Cyber thoughts from the train

Sat on the train going on my way back from London and I noticed my Samsung Galaxy phone was displaying a message telling me that it had detected a Samsung Gear device near me and wanted to connect.    The connection it was trying to establish was via Bluetooth which was enabled to allow my phone to connect to my cars audio system.   I hadn’t even thought to disable it.

As I look around the train I can see various people making use of mobile devices including laptops as we speed through the countryside.    The train is equipped with Wi-Fi thereby allowing everyone to remain connected even as they travel.

Two things worry me about the above.  The first worry is that of stray connections such as the one my phone tried to make with another passengers Samsung Gear.    As the various people on the train sit watching their video on their device, listening to music or working away their mobile devices are constantly seeking to make connections.    To connect to Wi-Fi for internet access, to connect via Bluetooth to external speakers, wireless headphones or in car audio devices.    As we use more and more technology our devices become more and more interconnected.    In doing so though we expose ourselves to an increasing risk of inappropriate connections being made either due to device error or due to human error, such as if I had accepted the connection which my phone was trying to make without reading the actual message.    These inappropriate connections may then give rise to unauthorised access and download of our data or to malicious acts being committed via our devices.

The other thing that worries me is the free Wi-Fi.    Now I suspect most people assume that the trains Wi-Fi is sufficiently secure although I cannot be sure of this.   The issue is the ease with which a passenger on the train could bring their own Access Point and set up a dummy Wi-Fi network, pretending to be the train providers network, for other passengers to connect to.   By doing so the owner of the dummy AP could gather data from those on the train who connect to the dummy AP.   This just seems all too easy.

The third thing that worries me is general awareness and consideration of security.    I doubt many people other than myself was giving cyber security of the many devices in use in the train carriage I sat in much in the way of consideration.    I would love to be able to survey people on a train or in another public space where free Wi-Fi is available in order to prove or disprove this assertion.   My belief, until I have any evidence to the contrary, is that we are a little too accepting.
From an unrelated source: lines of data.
Lemma law_relabel X : measurable X ->
  distribution P (mfun_of mZs) X = distribution P (mfun_of measurable_vec) X.
Proof.
move=> mX.
apply: (@g_sigma_algebra_measure_unique _ R V (@boxes R K) _ (fun _ => setT)) => //.
- by move=> _ [b mb ->]; exact: measurable_box.
- by move=> _; exact: boxesT.
- by apply/seteqP; split => // x _; exists 0%N.
- exact: boxes_setI.
- move=> _ [b mb ->]; rewrite /= /distribution /pushforward /=.
  have -> : (fun w => relabel s (Z w)) @^-1` [set x | forall k, b k (x k)] =
            [set w | forall k, b (s k) (Z w k)].
    apply/seteqP; split => w /= h k; have := h (s k); by rewrite /relabel sK.
  rewrite (indepZ (C := fun k => b (s k))) // indepZ // (reindex_inj (inv_inj sK)) /=.
  by apply: eq_bigr => k _; rewrite sK s_law.
- move=> k; apply: (le_lt_trans (probability_le1 (distribution P (mfun_of mZs)) measurableT)).
  by rewrite ltry.
Qed.

Lemma ge0_integral_relabel (h : V -> \bar R) :
  measurable_fun setT h -> (forall z, (0 <= h z)%E) ->
  (\int[P]_w h (relabel s (Z w)) = \int[P]_w h (Z w))%E.
Proof.
move=> mh h0.
have -> : (\int[P]_w h (relabel s (Z w)) = \int[distribution P (mfun_of mZs)]_z h z)%E.
  by rewrite /distribution ge0_integral_pushforward.
have -> : (\int[P]_w h (Z w) = \int[distribution P (mfun_of measurable_vec)]_z h z)%E.
  by rewrite /distribution ge0_integral_pushforward.
by apply: eq_measure_integral => A mA _; exact: law_relabel.
Qed.
End OperatorNorm.

Lemma sumrX_mul1B (T : pzRingType) (x : T) n :
  \sum_(i < n) x ^+ i * (1 - x) = 1 - x ^+ n.
Proof.
elim: n => [|n IH]; first by rewrite big_ord0 expr0 subrr.
by rewrite big_ord_recr /= IH mulrBr mulr1 -exprSr addrA subrK.
Qed.

Section Iteration.
Variables (R : realType) (m n : nat) (A : 'M[quat R]_(m, n)) (alpha : R) (p : nat).
Local Notation X := (nsX A alpha p).
Local Notation F := (nsF A alpha p).

Lemma nsX0E : X 0 = qofR alpha *: hconj A.
Proof. by apply/matrixP => i j; rewrite !mxE. Qed.

Lemma nsF_succ k : F k.+1 = F k ^+ p.
Proof.
have XA : X k *m A = 1%:M - F k by rewrite /nsF opprB addrC subrK.
rewrite [in LHS]/nsF [X k.+1]/= -/(F k) mulmx_suml.
under eq_bigr => i _ do rewrite -mulmxA XA.
by rewrite !mulmxE idmxE sumrX_mul1B opprB addrC subrK.
Qed.

Lemma opnorm_nsF_le k : opnorm (F k) <= opnorm (F 0) ^+ (p ^ k).
Proof.
elim: k => [|k IH]; first by rewrite expn0 expr1.
rewrite nsF_succ expnSr exprM; apply: le_trans (opnormX _ _) _.
by rewrite lerXn2r ?nnegrE ?exprn_ge0 ?opnorm_ge0.
Qed.

Lemma nsX_mulmx_proj (P : 'M[quat R]_m) k :
  P *m A = A -> hconj P = P -> X k *m P = X k.
Proof.
move=> PA PH; elim: k => [|k IH].
  by rewrite nsX0E -scalemxAl -PH -hconj_mul PA.
by rewrite /= mulmx_suml; apply: eq_bigr => i _; rewrite -mulmxA IH.
Qed.

End Iteration.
Events such as the recent National Health Service ransomware attack highlights the issue of cyber security however the impact is not limited to big incidents occurring to big organisations like the NHS.   It affects each and every one of us, every day, even when sat on a train.    Also we cannot afford to be outraged and concerned only when a large breach like the WannaCry virus occurs, before almost instantly returning back to normal and forgetting all about security and the potential risks and implications.

We need a societal shift in terms of our perception of cyber security.

Free (or not!) Wi-Fi

lockWhen out and about we consider Wi-Fi to be an essential and as a result of this businesses are seeking to meet the need.    Cafes, hotels, shops and shopping centres, as well as conference venues to name but a few are now generally providing free Wi-Fi.       It’s not a difficult process for them; pay a service provider and buy a few wireless access points and you are up and running, and the general public will connect and use without a thought.
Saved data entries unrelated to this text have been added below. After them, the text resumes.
(* Let $T$ be a basic maximal rigid object of $\mathcal{C}_n$ with top summand $T_1=(1,n-1)$, and let $X\in\mathcal{F}$. If both $\sigma^{\mathcal{T}}_X$ and $\sigma^{\mathcal{D}}_X$ are non-zero strings, then there is a $\mathcal{D}$-arrow $\beta_X$ in the quiver of $\Lambda_T$ from the end vertex of $\sigma^{\mathcal{T}}_X$ to the end vertex of $\sigma^{\mathcal{D}}_X$; in particular $(\sigma^{\mathcal{D}}_X)^{-1}\beta_X\sigma^{\mathcal{T}}_X$ is a well-defined string.
   Context: Let $k$ be algebraically closed, $n\ge2$, $\mathcal{T}_n$ the tube of rank $n$ (finite-dimensional nilpotent representations of the cyclically oriented $\tilde A_{n-1}$-quiver; AR-translation $\tau$), $\mathcal{C}_n=D^b(\mathcal{T}_n)/\tau^{-1}[1]$ the cluster tube, with indecomposables identified with those of $\mathcal{T}_n$. Indecomposables have coordinates $(a,b)$, $a\in\mathbb{Z}/n$ (represented in $\{1,\dots,n\}$), $b\ge1$ the quasilength, with $\tau(a,b)=(a-1,b)$ and irreducible maps $(a,b)\to(a,b+1)$, $(a,b)\to(a+1,b-1)$. For indecomposables $X,Y$, $\operatorname{Hom}_{\mathcal{C}_n}(X,Y)=\operatorname{Hom}_{\mathcal{T}_n}(X,Y)\oplus\operatorname{Hom}_{D^b}(X,\tau^{-1}Y[1])$; elements of the first summand are $\mathcal{T}$-maps, of the second $\mathcal{D}$-maps. $R^{\mathcal{T}}(X)$ (resp. $R^{\mathcal{D}}(X)$) is the set of indecomposables with a nonzero $\mathcal{T}$-map (resp. $\mathcal{D}$-map) to $X$. $T=\bigoplus_{i=1}^{n-1}T_i$ is basic maximal rigid ($\operatorname{Ext}^1(T,T)=0$ and $\operatorname{Ext}^1(T\oplus Z,T\oplus Z)=0\Rightarrow Z\in\operatorname{add}T$); its unique summand of quasilength $n-1$ (top summand) is, by choice of coordinates, $T_1=(1,n-1)$. $\mathcal{F}$ is the set of indecomposables $(a,b)$, $a\in\{1,\dots,n\}$, with $b\le n-1$ or $a+b\le2n-1$. The quiver of $\Lambda_T=\operatorname{End}_{\mathcal{C}_n}(T)^{\mathrm{op}}$ has a vertex for each $T_i$ and arrows $i\to j$ for maps $T_j\to T_i$ irreducible in $\operatorname{add}T$; the arrow is a $\mathcal{D}$-arrow if that map is a $\mathcal{D}$-map. A string is a trivial string at a vertex, or a word in arrows and formal inverses with matching endpoints, no letter followed by its inverse, and no subword of it or its inverse a zero relation of $\Lambda_T$. For $*\in\{\mathcal{T},\mathcal{D}\}$: if $R^*(X)\cap\operatorname{add}T\neq\emptyset$, $\sigma^*_X$ denotes the unique string that traverses exactly the vertices of the summands of $T$ in $R^*(X)$, each exactly once, and ends at the vertex of the one of highest quasilength; otherwise $\sigma^*_X$ is the zero string. *)

From Stdlib Require List.
From mathcomp Require Import all_boot.
Set Implicit Arguments. Unset Strict Implicit. Unset Printing Implicit Defensive.

(* Indecomposables (a,b): a in Z/n represented in {1..n}, b >= 1 quasilength *)
Definition obj := (nat * nat)%type.
Definition valid_obj (n : nat) (X : obj) : bool := (1 <= X.1 <= n) && (0 < X.2).

Definition tau (n : nat) (X : obj) : obj :=
  (if X.1 <= 1 then n else X.1.-1, X.2).

(* Model of the tube: (a,b) is the uniserial nilpotent representation with
   composition factors (from socle up) a, a+1, ..., a+b-1 (mod n); its
   submodule of length l is (a,l), its quotient of length l is (a+b-l,l).
   Hom_T(X,Y) has the basis {f_l} where f_l : X ->> (quotient of length l)
   = (submodule of length l) >-> Y, i.e. indices l with 1 <= l <= min(b_X,b_Y)
   and a_X + b_X - l = a_Y (mod n). *)
Definition homT_idx (n : nat) (X Y : obj) (l : nat) : bool :=
  [&& 1 <= l, l <= minn X.2 Y.2 & X.1 + X.2 == Y.1 + l %[mod n]].

(* D-maps X -> Y : Hom_{D^b}(X, tau^-1 Y [1]) = Ext^1_T(X, tau^-1 Y)
   = D Hom_T(Y, tau^2 X) (AR duality); basis = dual basis of Hom_T(Y,tau^2 X). *)
Definition homD_idx (n : nat) (X Y : obj) (m : nat) : bool :=
  homT_idx n Y (tau n (tau n X)) m.

(* basis morphisms of Hom_C(X,Y) = Hom_T(X,Y) (+) Hom_D(X, tau^-1 Y[1]) *)
Inductive kind := KT | KD.
Definition kind_eqb (k k' : kind) : bool :=
  match k, k' with KT, KT | KD, KD => true | _, _ => false end.
Definition mor := (kind * nat)%type.

Definition valid_mor (n : nat) (X Y : obj) (f : mor) : bool :=
  match f.1 with KT => homT_idx n X Y f.2 | KD => homD_idx n X Y f.2 end.

(* Composition g o f of basis morphisms f : X -> Y, g : Y -> Z.  It is a
   nonzero multiple of a basis morphism, or zero (None).
   - T o T : f_l then g_m gives the T-basis element of index l+m-b_Y (if >0);
   - T-map h_l : Y -> Z after D-map d_m : X -> Y gives d_(m+b_Z-l)
     (transpose of precomposition with h_l on Hom_T(-,tau^2 X));
   - D-map d_m : Y -> Z after T-map h_l : X -> Y gives d_(m+b_X-l)
     (transpose of postcomposition with tau^2 h_l);
   - D o D = 0 (hereditary). *)
Definition comp (n : nat) (X Y Z : obj) (f g : mor) : option mor :=
  match f, g with
  | (KT, l), (KT, m) => if Y.2 < l + m then Some (KT, l + m - Y.2) else None
  | (KD, m), (KT, l) =>
      if homD_idx n X Z (m + Z.2 - l) then Some (KD, m + Z.2 - l) else None
  | (KT, l), (KD, m) =>
      if homD_idx n X Z (m + X.2 - l) then Some (KD, m + X.2 - l) else None
  | (KD, _), (KD, _) => None
  end.

Definition rad_mor (n : nat) (X Y : obj) (f : mor) : Prop :=
  valid_mor n X Y f /\ ~ (X = Y /\ f = (KT, X.2)).

(* Ext^1_C(X,Y) = Ext^1_T(X,Y) (+) Hom_T(X, tau Y), and
   Ext^1_T(X,Y) = D Hom_T(Y, tau X). *)
Definition extC_zero (n : nat) (X Y : obj) : Prop :=
  (forall l, ~~ homT_idx n Y (tau n X) l) /\ (forall l, ~~ homT_idx n X (tau n Y) l).

(* objects of C_n = finite lists of indecomposables (direct sums) *)
Definition rigid (n : nat) (S : seq obj) : Prop :=
  forall X Y, X \in S -> Y \in S -> extC_zero n X Y.

Definition basic_maximal_rigid (n : nat) (T : seq obj) : Prop :=
  [/\ size T = n.-1, uniq T, all (valid_obj n) T, rigid n T &
      forall Z : seq obj, all (valid_obj n) Z -> rigid n (T ++ Z) ->
        all (fun Y => Y \in T) Z].

Definition inF (n : nat) (X : obj) : Prop :=
  valid_obj n X /\ (X.2 <= n.-1 \/ X.1 + X.2 <= 2 * n - 1).

Definition inRT (n : nat) (X Y : obj) : Prop := exists l, homT_idx n Y X l.
Definition inRD (n : nat) (X Y : obj) : Prop := exists m, homD_idx n Y X m.

(* Quiver of Lambda_T = End_C(T)^op: vertices = summands of T; an arrow
   i -> j for each basis morphism T_j -> T_i of the radical of add T not in
   rad^2 (composites of basis morphisms being basis morphisms or zero). *)
Record arrow := Arrow { asrc : obj; atgt : obj; amor : mor }.

Definition irr_addT (n : nat) (T : seq obj) (X Y : obj) (f : mor) : Prop :=
  [/\ X \in T, Y \in T, rad_mor n X Y f &
      ~ exists Z g h, [/\ Z \in T, rad_mor n X Z g, rad_mor n Z Y h &
                          comp n X Z Y g h = Some f]].

Definition is_arrow (n : nat) (T : seq obj) (a : arrow) : Prop :=
  irr_addT n T (atgt a) (asrc a) (amor a).

Definition is_Darrow (n : nat) (T : seq obj) (a : arrow) : Prop :=
  is_arrow n T a /\ (amor a).1 = KD.

(* composite of a path a_1 a_2 ... a_r (a_t : i_(t-1) -> i_t), i.e. of the
   map T_(i_r) -> T_(i_0); returns (T_(i_r), map) or None if zero. *)
Fixpoint pcomp (n : nat) (p : seq arrow) : option (obj * mor) :=
  match p with
  | [::] => None
  | [:: a] => Some (atgt a, amor a)
  | a :: p' =>
      match pcomp n p' with
      | Some (e, g) =>
          match comp n e (atgt a) (asrc a) g (amor a) with
          | Some h => Some (e, h)
          | None => None
          end
      | None => None
      end
  end.

Fixpoint is_path (p : seq arrow) : Prop :=
  match p with
  | a :: ((b :: _) as p') => atgt a = asrc b /\ is_path p'
  | _ => True
  end.

Definition all_arrows (n : nat) (T : seq obj) (p : seq arrow) : Prop :=
  forall a, List.In a p -> is_arrow n T a.

Definition zero_relation (n : nat) (T : seq obj) (p : seq arrow) : Prop :=
  [/\ 2 <= size p, all_arrows n T p, is_path p & pcomp n p = None].

(* Words/strings, represented as walks: a start vertex and a list of letters
   (arrow, true) = the arrow, (arrow, false) = its formal inverse.  The walk
   traverses the letters in order (so the paper's word u_k ... u_1, written
   in composition order, is the list [:: u_1; ...; u_k]). *)
Definition letter := (arrow * bool)%type.
Definition dummy_letter : letter := (Arrow (0,0) (0,0) (KT,0), true).
Definition lnth (l : seq letter) (i : nat) : letter := List.nth i l dummy_letter.
Definition lsrc (x : letter) : obj := if x.2 then asrc x.1 else atgt x.1.
Definition ltgt (x : letter) : obj := if x.2 then atgt x.1 else asrc x.1.
Definition walk := (obj * seq letter)%type.

Fixpoint walk_from (v : obj) (w : seq letter) : Prop :=
  match w with
  | [::] => True
  | x :: w' => lsrc x = v /\ walk_from (ltgt x) w'
  end.

Definition wverts (s : walk) : seq obj := s.1 :: map ltgt s.2.
Definition wend (s : walk) : obj := last s.1 (map ltgt s.2).

Definition winv (s : walk) : walk :=
  (wend s, map (fun x : letter => (x.1, ~~ x.2)) (rev s.2)).

Definition is_string (n : nat) (T : seq obj) (s : walk) : Prop :=
  [/\ s.1 \in T,
      walk_from s.1 s.2,
      (forall x, List.In x s.2 -> is_arrow n T x.1),
      (forall i, i.+1 < size s.2 ->
         ~ ((lnth s.2 i).1 = (lnth s.2 i.+1).1 /\ (lnth s.2 i).2 <> (lnth s.2 i.+1).2))
    &
      (forall i k, let u := take k (drop i s.2) in
         (all snd u -> ~ zero_relation n T (map fst u)) /\
         (all (fun x : letter => ~~ x.2) u -> ~ zero_relation n T (rev (map fst u))))].

Definition is_sigma (n : nat) (T : seq obj) (R : obj -> Prop) (s : walk) : Prop :=
  [/\ is_string n T s,
      uniq (wverts s),
      (forall Y, Y \in wverts s <-> (Y \in T /\ R Y))
    & (forall Y, Y \in T -> R Y -> Y.2 <= (wend s).2)].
And herein lies the issue as I became aware during a recent visit to a hotel.    During the visit I was provided with a Wi-Fi key in my hotel room so I could access the free Wi-Fi however for some reason something did not quite feel right.   After a few minutes of basic checking I found that the routers management console was accessible via the Wi-Fi connection as opposed to requiring a wired connection.   A rather basic security precaution had not been taken in disabling Wi-Fi access to the console however the worst part was yet to come.    It turned out that the default username and password for the router was still enabled and as such anyone could gain access and reconfigure the router and Wi-Fi network to meet their needs.  For me this represents a grave and serious lapse in the security setup.     Although it had been easy for the hotel to set up its free Wi-Fi provision, they had failed to set it up securely, in a way which I would have considered to have been “properly” set up.

The above highlights the risks associated with free Wi-Fi.    Someone could easily setup a man in the middle attack using the lax security of this Wi-Fi network.   People would then access and use the Wi-Fi unaware of the fact that a threat actor was gathering or monitoring their data.     Truly nothing is free in this world, and in this case the free Wi-Fi may be free of cost but it certainly isn’t free of risk.     And in this risk there may be a future financial cost in fraud or identify theft based on the data harvested.

I do not think this one hotel is unique in its poor Wi-Fi network security.   I suspect that among the many establishments offering free Wi-Fi there will be many where the security is equally poor and that this will be especially common among smaller organisations where an IT department is likely to either be limited or not to exist.

As end users it is our responsibility to look after our own data security when out and about.   We cannot assume that others such as the providers of free Wi-Fi are doing this for us, especially where there is no is financial contribution paid to them towards the costs associated with doing so.    And for those providing free Wi-Fi I would ask that they engage a suitable professional in order to ensure their setup is at least provided with the basic security precautions.   If you aren’t willing to do this then you shouldn’t provide the service!

I also think there is an educational aspect to all this;  Are we adequately discussing the risks and required precautions with the students in our schools.   I would suggest we need to do so with some urgency.